After the disclosure letter issue, H and I had a 'discussion' about the process of a disclosure.  As I was sharing my side of what happened and what I would have liked to experience, H determined he would not say another word or answer any of my questions (as he previously agreed) without a mediator.

As it ended up, if I couldn't find an agreed upon therapist, experienced in SA disclosure and LDS, by H's year mark, we would separate.

Time continues to pass without success.

For H, as usual, the issue is over (at least until the next one flares up).  Swept under the rug with all the other issues. 
  
       ---quite a mountain of painful issues piles up under that rug----

The more time that passes away since this discussion the less the issue matters.



Resources are limited here. I was hoping to find a local therapist that we can meet with regularly.  I know others use a Skype option successfully.  For me, it seems that buried pile of pain needs someone local to help sort it all out.  
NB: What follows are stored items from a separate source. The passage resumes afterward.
(* Let $X$ be a compact riemannian lamination and let $\Omega\subseteq Y\subseteq X$ be such that $\Omega$ is open in the leafwise topology and $Y$ is compact in the leafwise topology. There exists an open subset $\hat\Omega$ of $X$ such that $\hat\Omega\cap Y=\Omega$.
   Context: A lamination is a separable metrizable space with an atlas of laminated charts $\Phi:U\to\,]-1,1[^d\times T$ whose transition maps locally have the form $(x,t)\mapsto(\phi(x,t),\tau(t))$ ($\tau$ a homeomorphism onto its image, $\phi(\cdot,t)$ smooth diffeomorphisms varying continuously in $C^\infty_{loc}$ with $t$); plaques glue into smooth manifolds called leaves. A riemannian lamination carries a leafwise smooth leafwise metric. The leafwise topology of $X$ is the smallest topology containing all open subsets of leaves; a set is compact in it iff it is a finite union of compact subsets of leaves. ''Open subset of $X$'' refers to the ambient topology of $X$. *)

From HB Require Import structures.
From mathcomp Require Import all_boot all_order all_algebra.
From mathcomp Require Import all_classical all_reals all_analysis.
From Stdlib Require Import Relations.
Set Implicit Arguments. Unset Strict Implicit. Unset Printing Implicit Defensive.
Import Order.TTheory GRing.Theory Num.Theory.
Import numFieldNormedType.Exports.
Local Open Scope classical_set_scope.
Local Open Scope ring_scope.

Section Smooth.
Variable R : realType.

Fixpoint dder {U W : normedModType R} (vs : seq U) (f : U -> W) : U -> W :=
  if vs is v :: vs' then (fun a => derive (dder vs' f) a v) else f.

Definition smooth_on {U W : normedModType R} (A : set U) (f : U -> W) :=
  forall vs : seq U,
    (forall x v, A x -> derivable (dder vs f) x v) /\
    {within A, continuous (dder vs f)}.

(* the family t |-> f(., t), t in S, consists of C^infty maps on A and depends
   continuously on t in the C^infty_loc topology: all iterated derivatives are
   jointly continuous in (x, t) *)
Definition smooth_family {U W : normedModType R} {T : topologicalType}
    (A : set U) (S : set T) (f : U -> T -> W) :=
  forall vs : seq U,
    (forall t, S t -> forall x v, A x -> derivable (dder vs (f ^~ t)) x v) /\
    {within A `*` S, continuous (fun p => dder vs (f ^~ p.2) p.1)}.

Definition diffeo_on {U : normedModType R} (A : set U) (f : U -> U) :=
  [/\ open A, open (f @` A),
      (forall x y, A x -> A y -> f x = f y -> x = y),
      smooth_on A f &
      exists g : U -> U, (forall x, A x -> g (f x) = x) /\ smooth_on (f @` A) g].
End Smooth.

Definition homeo_on {T T' : topologicalType} (S : set T) (f : T -> T') :=
  [/\ {within S, continuous f},
      (forall x y, S x -> S y -> f x = f y -> x = y) &
      exists g : T' -> T, (forall x, S x -> g (f x) = x) /\
                          {within f @` S, continuous g}].

Definition cube (R : realType) (d : nat) : set 'rV[R]_d :=
  [set x | forall k, -1 < x ord0 k < 1].

(* data of a laminated atlas: charts phi i : U i -> ]-1,1[^d x T i, with inverse psi i *)
Record lam_atlas (R : realType) (X : topologicalType) : Type := LamAtlas {
  la_dim : nat;
  la_idx : Type;
  la_T : la_idx -> topologicalType;
  la_U : la_idx -> set X;
  la_phi : forall i, X -> 'rV[R]_la_dim * la_T i;
  la_psi : forall i, 'rV[R]_la_dim * la_T i -> X }.
Arguments la_dim {R X} A : rename.
Arguments la_idx {R X} A : rename.
Arguments la_T {R X} A i : rename.
Arguments la_U {R X} A i : rename.
Arguments la_phi {R X} A i : rename.
Arguments la_psi {R X} A i : rename.

Section Lamination.
Variables (R : realType) (X : topologicalType) (A : lam_atlas R X).
Local Notation d := (la_dim A).
Local Notation U := (la_U A).
Local Notation phi := (la_phi A).
Local Notation psi := (la_psi A).

Definition transition (i j : la_idx A) (p : 'rV[R]_d * la_T A i) := phi j (psi i p).
Arguments transition : clear implicits.

Definition is_lamination :=
  (forall x : X, exists i, U i x) /\
  (forall i,
    [/\ open (U i), {within U i, continuous (phi i)},
        phi i @` U i = @cube R d `*` setT &
        [/\ (forall x, U i x -> psi i (phi i x) = x),
             (forall p, (@cube R d `*` setT) p -> phi i (psi i p) = p) &
             {within @cube R d `*` setT, continuous (psi i)}]]) /\
  (forall i j p, (phi i @` (U i `&` U j)) p ->
    exists (V : set 'rV[R]_d) (S : set (la_T A i))
           (f : 'rV[R]_d -> la_T A i -> 'rV[R]_d) (tau : la_T A i -> la_T A j),
      [/\ [/\ open V, open S, V `*` S `<=` phi i @` (U i `&` U j), V p.1 & S p.2],
          (forall x t, V x -> S t -> transition i j (x, t) = (f x t, tau t)),
          homeo_on S tau,
          (forall t, S t -> diffeo_on V (f ^~ t)) &
          smooth_family V S f]).

(* a leafwise metric, expressed in charts: g i x t is an inner product on R^d *)
Definition leaf_metric := forall i, 'rV[R]_d -> la_T A i -> 'rV[R]_d -> 'rV[R]_d -> R.

Definition is_riemannian (g : leaf_metric) :=
  (forall i x t, @cube R d x ->
     [/\ (forall u1 u2 w (a : R), g i x t (a *: u1 + u2) w = a * g i x t u1 w + g i x t u2 w),
         (forall u w, g i x t u w = g i x t w u) &
         (forall u, u != 0 -> 0 < g i x t u u)]) /\
  (forall i (u w : 'rV[R]_d), smooth_family (@cube R d) setT (fun x t => g i x t u w)) /\
  (forall i j x t u w, (phi i @` (U i `&` U j)) (x, t) ->
     g i x t u w =
     g j (transition i j (x, t)).1 (transition i j (x, t)).2
         (derive (fun y => (transition i j (y, t)).1) x u)
         (derive (fun y => (transition i j (y, t)).1) x w)).

Definition same_plaque (x y : X) :=
  exists i, U i x /\ U i y /\ (phi i x).2 = (phi i y).2.

Definition leaf (L : set X) :=
  exists x, L = [set y | clos_refl_trans X same_plaque x y].

(* open subsets of a leaf (for the leaf's manifold topology, whose basic open sets
   are the open subsets psi i (V x {t}) of plaques) *)
Definition open_in_leaf (L B : set X) :=
  B `<=` L /\
  forall x, B x -> exists i (V : set 'rV[R]_d),
    [/\ open V, V `<=` @cube R d, U i x, V (phi i x).1 &
        psi i @` (V `*` [set (phi i x).2]) `<=` B].

(* the leafwise topology: the smallest topology containing all open subsets of leaves *)
Definition leafwise_open (B : set X) :=
  forall O : set (set X),
    (forall L C, leaf L -> open_in_leaf L C -> O C) ->
    (forall F : set (set X), F `<=` O -> O (\bigcup_(C in F) C)) ->
    (forall C D, O C -> O D -> O (C `&` D)) ->
    O setT -> O B.

Definition leafwise_compact (Y : set X) :=
  forall (I : Type) (F : I -> set X), (forall k, leafwise_open (F k)) ->
    Y `<=` \bigcup_k F k ->
    exists J : set I, finite_set J /\ Y `<=` \bigcup_(k in J) F k.
End Lamination.

Definition separable_space (T : topologicalType) :=
  exists D : set T, countable D /\ closure D = setT.

From HB Require Import structures.
From mathcomp Require Import all_boot all_order all_algebra.
From mathcomp Require Import all_classical all_reals all_analysis.
From Stdlib Require Import Relations.
Set Implicit Arguments.
Unset Strict Implicit.
Import numFieldNormedType.Exports.
Local Open Scope classical_set_scope.

(* The leafwise topology refines the topology of X: an open set meets every
   leaf in a union of open pieces of plaques.  Hence an ambient open cover of
   Y \ Omega, together with Omega, is a leafwise open cover of Y, so Y \ Omega
   is compact in X and therefore closed, X being Hausdorff.  Its complement is
   the required open set. *)

(* The library proves [compact_cover] only for pointed spaces; any point of a
   nonempty set can serve. *)
Definition pointed_at {T : topologicalType} (x : T) : Type := T.
HB.instance Definition _ (T : topologicalType) (x : T) :=
  Topological.copy (pointed_at x) T.
HB.instance Definition _ (T : topologicalType) (x : T) :=
  isPointed.Build (pointed_at x) x.

Lemma cover_compact_compact (T : topologicalType) (K : set T) :
  cover_compact K -> compact K.
Proof.
have [->|/set0P[k _]] := eqVneq K set0; first by move=> _; exact: compact0.
by rewrite -[compact K]/(@compact (pointed_at k) K) compact_cover.
Qed.

Lemma open_slice (T U : topologicalType) (W : set (T * U)) (t : U) :
  open W -> open [set x | W (x, t)].
Proof.
move=> oW; apply: (@open_comp _ _ (pair^~ t) W _ oW) => x _.
by apply: cvg_pair; [exact: cvg_id|exact: cvg_cst].
Qed.

Section LeafwiseTopology.
Variables (R : realType) (X : topologicalType) (A : lam_atlas R X).
Local Notation d := (la_dim A).
Local Notation U := (la_U A).
Local Notation phi := (la_phi A).
Local Notation psi := (la_psi A).
Local Notation chart_range i := (@cube R d `*` [set: la_T A i]).

Lemma leafwise_open_bigcup (I : Type) (P : set I) (F : I -> set X) :
  (forall i, P i -> leafwise_open A (F i)) ->
  leafwise_open A (\bigcup_(i in P) F i).
Proof.
move=> oF O HO HU HI HT; rewrite -(bigcup_image P F id).
by apply: (HU) => _ [i Pi <-]; exact: oF.
Qed.

Definition leaf_of (x : X) := [set y | clos_refl_trans X (same_plaque A) x y].

Hypothesis lamA : is_lamination A.

(* The transition from a chart to itself provides product neighbourhoods
   inside the image of the chart. *)
Lemma open_chart_range i : open (chart_range i).
Proof.
have [_ [/(_ i) [_ _ phiU _] trans]] := lamA.
rewrite -phiU openE => _ [x Ux <-].
have [V [S [f [tau [[oV oS VS Vx Sx] _ _ _ _]]]]] :=
  trans i i (phi i x) (ex_intro2 _ _ x (conj Ux Ux) erefl).
apply: (@filterS _ _ _ (V `*` S)); first by move=> q /VS [y [Uy _] <-]; exists y.
by exists (V, S) => //; split; apply: open_nbhs_nbhs.
Qed.

Lemma same_plaque_chart i y v : U i y -> @cube R d v ->
  same_plaque A y (psi i (v, (phi i y).2)).
Proof.
have [_ [/(_ i) [_ _ phiU [psiphi phipsi _]] _]] := lamA.
move=> Uiy cv; have : chart_range i (v, (phi i y).2) by [].
rewrite -phiU => -[u Uu phiu]; exists i; split=> //; split.
  by rewrite -phiu psiphi.
by rewrite phipsi.
Qed.

Lemma open_in_leaf_setI_open (B : set X) x :
  open B -> open_in_leaf A (leaf_of x) (B `&` leaf_of x).
Proof.
have [cov [chart _]] := lamA.
move=> oB; split=> [y []//|y [By xy]].
have [i Uiy] := cov y.
have [_ _ phiU [psiphi _ cpsi]] := chart i.
pose t := (phi i y).2.
pose W := chart_range i `&` psi i @^-1` B.
have oW : open W.
  apply: (continuous_inP _ (@open_chart_range i)).1 => //.
  by rewrite -continuous_open_subspace //; exact: open_chart_range.
pose V := [set v | W (v, t)].
have oV : open V by exact: open_slice.
exists i, V; split => //.
- by move=> v [[]].
- have phiy : chart_range i (phi i y) by rewrite -phiU; exists y.
  by rewrite /V /W /t /= -surjective_pairing psiphi.
- move=> _ [[v s] [/= [[cv _] Bv] ->] <-]; split => //.
  by apply: rt_trans xy _; apply: rt_step; exact: same_plaque_chart.
Qed.

Lemma open_leafwise_open (B : set X) : open B -> leafwise_open A B.
Proof.
move=> oB; have -> : B = \bigcup_(x in B) (B `&` leaf_of x).
  apply/seteqP; split=> [x Bx|x [y _ []//]].
  by exists x => //; split=> //; exact: rt_refl.
apply: leafwise_open_bigcup => x _ O HO _ _ _.
by apply: (HO (leaf_of x)); [exists x | exact: open_in_leaf_setI_open].
Qed.

Lemma compact_setD_leafwise_open (Y Omega : set X) :
  leafwise_compact A Y -> leafwise_open A Omega -> compact (Y `\` Omega).
Proof.
move=> cY oOmega; apply: cover_compact_compact => I D f fop Kcov.
pose F (j : option I) := if j is Some i then [set x | D i /\ f i x] else Omega.
have oF j : leafwise_open A (F j).
  case: j => [i|//]; apply: open_leafwise_open; rewrite /F.
  have [Di|nDi] := pselect (D i).
    by rewrite (_ : [set x | _] = f i); [exact: fop|apply/seteqP; split=> x // []].
  by rewrite (_ : [set x | _] = set0); [exact: open0|apply/seteqP; split=> x // []].
have YF : Y `<=` \bigcup_j F j.
  move=> y Yy; have [Oy|Oy] := pselect (Omega y); first by exists None.
  by have [i Di fiy] := Kcov y (conj Yy Oy); exists (Some i).
have [J [fJ YJ]] := cY _ F oF YF.
have fJD : finite_set (Some @^-1` J `&` D).
  by apply: finite_setIl; apply: finite_preimage => // i j _ _ [].
exists (fset_set (Some @^-1` J `&` D)) => [i|x [Yx Ox]].
  by rewrite in_fset_set // !inE => -[].
have [[i|] Ji Fx] := YJ x Yx; last by [].
case: Fx => Di fx; exists i => //=.
by rewrite in_fset_set // inE.
Qed.

End LeafwiseTopology.

Theorem lemma4p8 (R : realType) (X : pseudoMetricType R)
    (A : lam_atlas R X) (g : leaf_metric A) (Omega Y : set X) :
  hausdorff_space X -> separable_space X ->
  is_lamination A -> is_riemannian g ->
  compact [set: X] ->
  Omega `<=` Y -> leafwise_open A Omega -> leafwise_compact A Y ->
  exists Omegahat : set X, open Omegahat /\ Omegahat `&` Y = Omega.
Proof.
move=> hX _ lamA _ _ OY oOmega cY.
have clK : closed (Y `\` Omega).
  exact: compact_closed hX (compact_setD_leafwise_open lamA cY oOmega).
exists (~` (Y `\` Omega)); split; first exact: closed_openC.
by rewrite setCD setIUl setICl set0U setIidl.
Qed.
I am in no way expecting, in this past year's time, we would have resolved all our issues and completed recovery.  I was hoping though, that H's efforts at recovery would bring less anger and more peace to our marriage and home.




Last week at church, I taught a lesson in our women's meeting on repentance.  The following quotes are the basis for the questions I have with what is happening with H:

1. ...repentance involves not just a change of actions, but a change of heart.

2.  Therefore, repentance means more than simply a reformation of behavior. Many men and women in the world demonstrate great willpower and self-discipline in overcoming bad habits and the weaknesses of the flesh. Yet at the same time they give no thought to the Master, sometimes even openly rejecting Him. Such changes of behavior, even if in a positive direction, do not constitute true repentance.

3.  It is not uncommon to find men and women in the world who feel remorse for the things they do wrong. Sometimes this is because their actions cause them or loved ones great sorrow and misery. Sometimes their sorrow is caused because they are caught and punished for their actions. Such worldly feelings do not constitute “godly sorrow.”


As I pondered upon these principles, not in a critically judgmental way, but in a righteous judging way, I feel that I should see change in H in a way that reflects these principles.  


In a General Conference in October 2009 by Elder Neil L. Andersen. He spoke of repentance with these words: "For most, repentance is more a journey than a one-time event. It is not easy. To change is difficult. It requires running into the wind, swimming upstream."

I understand how difficult this is for H, as well as for me.

Still, I wonder,  should there be some peace in the journey?  
Why is there still so much anger?  
Why don't I feel hope?


I was reading a friend's blog the other day and came across this question in a post she wrote a year or so ago, that I wish I had seen then.  The question is this:  - If I stay, am I prepared for my husband to possibly treat me and my kids worse considering addiction is a progressive disease?

This is the question that continues to plague me as I round out this trial year.